Lines to restate from the data below: from the one containing "by apply/scaled_supnorm_leP; rewrite" to the one containing "have Nn := leq_trans Nj jn.", both included. Give them again exactly, and only them.

+++

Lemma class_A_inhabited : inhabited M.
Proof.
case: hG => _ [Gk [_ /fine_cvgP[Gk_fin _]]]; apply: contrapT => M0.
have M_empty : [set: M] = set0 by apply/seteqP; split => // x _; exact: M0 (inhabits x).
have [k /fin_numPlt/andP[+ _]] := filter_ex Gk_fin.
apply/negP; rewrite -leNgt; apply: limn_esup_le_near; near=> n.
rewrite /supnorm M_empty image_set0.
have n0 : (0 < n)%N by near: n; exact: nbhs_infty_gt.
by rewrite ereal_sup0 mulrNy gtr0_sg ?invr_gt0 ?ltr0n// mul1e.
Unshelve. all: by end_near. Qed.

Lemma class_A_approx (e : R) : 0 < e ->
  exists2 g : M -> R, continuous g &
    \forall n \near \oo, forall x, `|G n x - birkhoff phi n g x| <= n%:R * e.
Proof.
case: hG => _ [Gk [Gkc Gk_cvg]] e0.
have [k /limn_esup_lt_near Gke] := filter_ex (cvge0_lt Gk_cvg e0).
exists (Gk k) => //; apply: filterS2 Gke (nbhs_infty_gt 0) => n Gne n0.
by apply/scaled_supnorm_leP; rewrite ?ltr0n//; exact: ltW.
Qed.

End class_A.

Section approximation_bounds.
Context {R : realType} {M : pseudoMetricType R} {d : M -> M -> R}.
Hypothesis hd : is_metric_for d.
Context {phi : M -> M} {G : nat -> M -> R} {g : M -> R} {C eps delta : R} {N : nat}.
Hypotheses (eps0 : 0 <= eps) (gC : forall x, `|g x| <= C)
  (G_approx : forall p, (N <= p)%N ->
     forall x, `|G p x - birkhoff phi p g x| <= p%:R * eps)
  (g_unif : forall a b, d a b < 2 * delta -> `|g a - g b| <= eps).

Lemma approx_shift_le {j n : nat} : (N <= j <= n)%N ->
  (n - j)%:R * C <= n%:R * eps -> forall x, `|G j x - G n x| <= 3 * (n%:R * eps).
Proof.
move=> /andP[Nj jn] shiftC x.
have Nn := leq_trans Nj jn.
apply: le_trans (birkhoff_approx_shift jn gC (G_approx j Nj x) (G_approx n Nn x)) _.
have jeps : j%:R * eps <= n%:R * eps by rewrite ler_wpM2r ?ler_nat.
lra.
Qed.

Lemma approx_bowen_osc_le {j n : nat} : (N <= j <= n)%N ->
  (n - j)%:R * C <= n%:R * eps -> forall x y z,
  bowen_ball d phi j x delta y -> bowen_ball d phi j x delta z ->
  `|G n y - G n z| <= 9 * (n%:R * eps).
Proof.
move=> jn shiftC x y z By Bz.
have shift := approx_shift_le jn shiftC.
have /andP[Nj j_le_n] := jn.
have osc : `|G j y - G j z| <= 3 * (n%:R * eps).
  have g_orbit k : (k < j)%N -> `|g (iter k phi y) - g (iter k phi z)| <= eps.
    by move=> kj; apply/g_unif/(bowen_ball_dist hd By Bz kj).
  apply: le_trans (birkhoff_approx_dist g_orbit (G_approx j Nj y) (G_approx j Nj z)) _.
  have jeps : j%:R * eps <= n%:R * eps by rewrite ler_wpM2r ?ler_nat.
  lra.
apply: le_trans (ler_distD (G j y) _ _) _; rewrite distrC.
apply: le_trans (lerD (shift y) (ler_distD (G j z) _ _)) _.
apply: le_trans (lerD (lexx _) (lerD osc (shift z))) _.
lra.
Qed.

+++

[Answer section]
by apply/scaled_supnorm_leP; rewrite ?ltr0n//; exact: ltW.
Qed.

End class_A.

Section approximation_bounds.
Context {R : realType} {M : pseudoMetricType R} {d : M -> M -> R}.
Hypothesis hd : is_metric_for d.
Context {phi : M -> M} {G : nat -> M -> R} {g : M -> R} {C eps delta : R} {N : nat}.
Hypotheses (eps0 : 0 <= eps) (gC : forall x, `|g x| <= C)
  (G_approx : forall p, (N <= p)%N ->
     forall x, `|G p x - birkhoff phi p g x| <= p%:R * eps)
  (g_unif : forall a b, d a b < 2 * delta -> `|g a - g b| <= eps).

Lemma approx_shift_le {j n : nat} : (N <= j <= n)%N ->
  (n - j)%:R * C <= n%:R * eps -> forall x, `|G j x - G n x| <= 3 * (n%:R * eps).
Proof.
move=> /andP[Nj jn] shiftC x.
have Nn := leq_trans Nj jn.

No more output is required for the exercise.